• _Material to process_
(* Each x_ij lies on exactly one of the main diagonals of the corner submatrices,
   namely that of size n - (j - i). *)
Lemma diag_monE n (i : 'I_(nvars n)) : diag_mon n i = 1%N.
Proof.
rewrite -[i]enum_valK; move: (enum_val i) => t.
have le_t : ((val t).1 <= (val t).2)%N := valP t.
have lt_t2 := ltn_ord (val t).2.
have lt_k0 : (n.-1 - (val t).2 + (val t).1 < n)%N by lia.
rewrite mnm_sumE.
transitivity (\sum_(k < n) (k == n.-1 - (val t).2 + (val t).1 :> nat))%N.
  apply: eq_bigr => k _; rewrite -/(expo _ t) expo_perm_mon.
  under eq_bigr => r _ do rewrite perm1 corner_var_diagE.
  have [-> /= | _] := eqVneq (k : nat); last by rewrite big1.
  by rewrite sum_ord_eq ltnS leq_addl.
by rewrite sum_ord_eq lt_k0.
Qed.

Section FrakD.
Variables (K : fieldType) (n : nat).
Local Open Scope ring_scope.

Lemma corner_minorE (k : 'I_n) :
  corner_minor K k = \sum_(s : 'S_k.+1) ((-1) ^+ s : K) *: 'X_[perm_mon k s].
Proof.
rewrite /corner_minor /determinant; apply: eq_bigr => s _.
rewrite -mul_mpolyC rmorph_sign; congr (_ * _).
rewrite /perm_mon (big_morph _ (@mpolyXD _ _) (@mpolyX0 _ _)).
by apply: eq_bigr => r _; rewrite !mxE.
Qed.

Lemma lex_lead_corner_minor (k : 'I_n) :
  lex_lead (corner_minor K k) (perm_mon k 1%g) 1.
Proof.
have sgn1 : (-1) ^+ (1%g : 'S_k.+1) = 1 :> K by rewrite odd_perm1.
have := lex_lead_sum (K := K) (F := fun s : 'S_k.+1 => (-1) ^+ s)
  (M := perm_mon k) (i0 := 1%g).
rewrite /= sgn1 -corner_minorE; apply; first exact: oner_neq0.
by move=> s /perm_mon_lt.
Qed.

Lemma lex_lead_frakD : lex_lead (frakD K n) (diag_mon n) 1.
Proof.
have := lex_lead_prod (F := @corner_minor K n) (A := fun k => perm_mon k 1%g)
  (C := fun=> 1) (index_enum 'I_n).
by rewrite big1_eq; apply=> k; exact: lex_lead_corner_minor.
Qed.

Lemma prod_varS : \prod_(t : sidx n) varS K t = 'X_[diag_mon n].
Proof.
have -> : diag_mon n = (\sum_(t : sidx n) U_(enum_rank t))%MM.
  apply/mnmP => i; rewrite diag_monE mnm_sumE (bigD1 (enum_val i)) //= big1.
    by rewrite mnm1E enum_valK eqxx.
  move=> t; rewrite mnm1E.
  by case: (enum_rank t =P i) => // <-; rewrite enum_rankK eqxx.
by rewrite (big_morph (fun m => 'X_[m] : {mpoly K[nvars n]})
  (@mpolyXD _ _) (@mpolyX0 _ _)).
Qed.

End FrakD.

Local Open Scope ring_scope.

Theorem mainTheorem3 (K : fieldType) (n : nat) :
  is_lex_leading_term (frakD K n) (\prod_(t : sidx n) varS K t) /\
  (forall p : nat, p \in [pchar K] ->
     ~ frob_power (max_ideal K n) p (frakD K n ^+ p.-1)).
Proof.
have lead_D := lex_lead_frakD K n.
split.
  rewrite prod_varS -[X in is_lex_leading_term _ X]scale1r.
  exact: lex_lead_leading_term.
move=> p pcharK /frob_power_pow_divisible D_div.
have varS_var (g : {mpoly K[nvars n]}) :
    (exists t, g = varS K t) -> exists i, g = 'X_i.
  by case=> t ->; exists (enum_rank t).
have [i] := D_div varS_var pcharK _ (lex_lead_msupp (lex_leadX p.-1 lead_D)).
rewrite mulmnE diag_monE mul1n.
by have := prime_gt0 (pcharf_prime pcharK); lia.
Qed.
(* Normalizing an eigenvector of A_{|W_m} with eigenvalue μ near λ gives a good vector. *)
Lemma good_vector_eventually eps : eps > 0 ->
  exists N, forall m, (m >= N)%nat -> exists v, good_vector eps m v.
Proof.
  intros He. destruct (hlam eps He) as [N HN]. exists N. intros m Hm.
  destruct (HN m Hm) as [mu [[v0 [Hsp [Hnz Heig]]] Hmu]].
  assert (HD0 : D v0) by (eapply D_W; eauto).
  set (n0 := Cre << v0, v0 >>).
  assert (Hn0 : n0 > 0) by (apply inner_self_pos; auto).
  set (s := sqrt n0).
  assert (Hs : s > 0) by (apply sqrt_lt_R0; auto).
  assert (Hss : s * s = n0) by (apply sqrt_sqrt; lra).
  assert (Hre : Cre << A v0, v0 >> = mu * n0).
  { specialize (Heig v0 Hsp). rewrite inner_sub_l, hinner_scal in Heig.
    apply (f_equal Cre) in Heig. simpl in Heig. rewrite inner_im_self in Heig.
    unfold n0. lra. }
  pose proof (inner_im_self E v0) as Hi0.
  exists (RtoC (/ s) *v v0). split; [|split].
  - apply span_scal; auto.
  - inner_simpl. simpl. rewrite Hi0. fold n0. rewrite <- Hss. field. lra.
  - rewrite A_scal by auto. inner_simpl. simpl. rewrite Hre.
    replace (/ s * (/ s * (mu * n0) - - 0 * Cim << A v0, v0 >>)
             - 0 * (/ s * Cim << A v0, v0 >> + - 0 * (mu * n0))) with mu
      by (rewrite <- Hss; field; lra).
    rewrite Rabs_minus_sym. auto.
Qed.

• _Problem details_
From the data above, output only the lines between the line containing "Lemma lex_lead_corner_minor (k" and the line containing "is_lex_leading_term (frakD K", inclusive, exactly as written.

• _Response_
Lemma lex_lead_corner_minor (k : 'I_n) :
  lex_lead (corner_minor K k) (perm_mon k 1%g) 1.
Proof.
have sgn1 : (-1) ^+ (1%g : 'S_k.+1) = 1 :> K by rewrite odd_perm1.
have := lex_lead_sum (K := K) (F := fun s : 'S_k.+1 => (-1) ^+ s)
  (M := perm_mon k) (i0 := 1%g).
rewrite /= sgn1 -corner_minorE; apply; first exact: oner_neq0.
by move=> s /perm_mon_lt.
Qed.

Lemma lex_lead_frakD : lex_lead (frakD K n) (diag_mon n) 1.
Proof.
have := lex_lead_prod (F := @corner_minor K n) (A := fun k => perm_mon k 1%g)
  (C := fun=> 1) (index_enum 'I_n).
by rewrite big1_eq; apply=> k; exact: lex_lead_corner_minor.
Qed.

Lemma prod_varS : \prod_(t : sidx n) varS K t = 'X_[diag_mon n].
Proof.
have -> : diag_mon n = (\sum_(t : sidx n) U_(enum_rank t))%MM.
  apply/mnmP => i; rewrite diag_monE mnm_sumE (bigD1 (enum_val i)) //= big1.
    by rewrite mnm1E enum_valK eqxx.
  move=> t; rewrite mnm1E.
  by case: (enum_rank t =P i) => // <-; rewrite enum_rankK eqxx.
by rewrite (big_morph (fun m => 'X_[m] : {mpoly K[nvars n]})
  (@mpolyXD _ _) (@mpolyX0 _ _)).
Qed.

End FrakD.

Local Open Scope ring_scope.

Theorem mainTheorem3 (K : fieldType) (n : nat) :
  is_lex_leading_term (frakD K n) (\prod_(t : sidx n) varS K t) /\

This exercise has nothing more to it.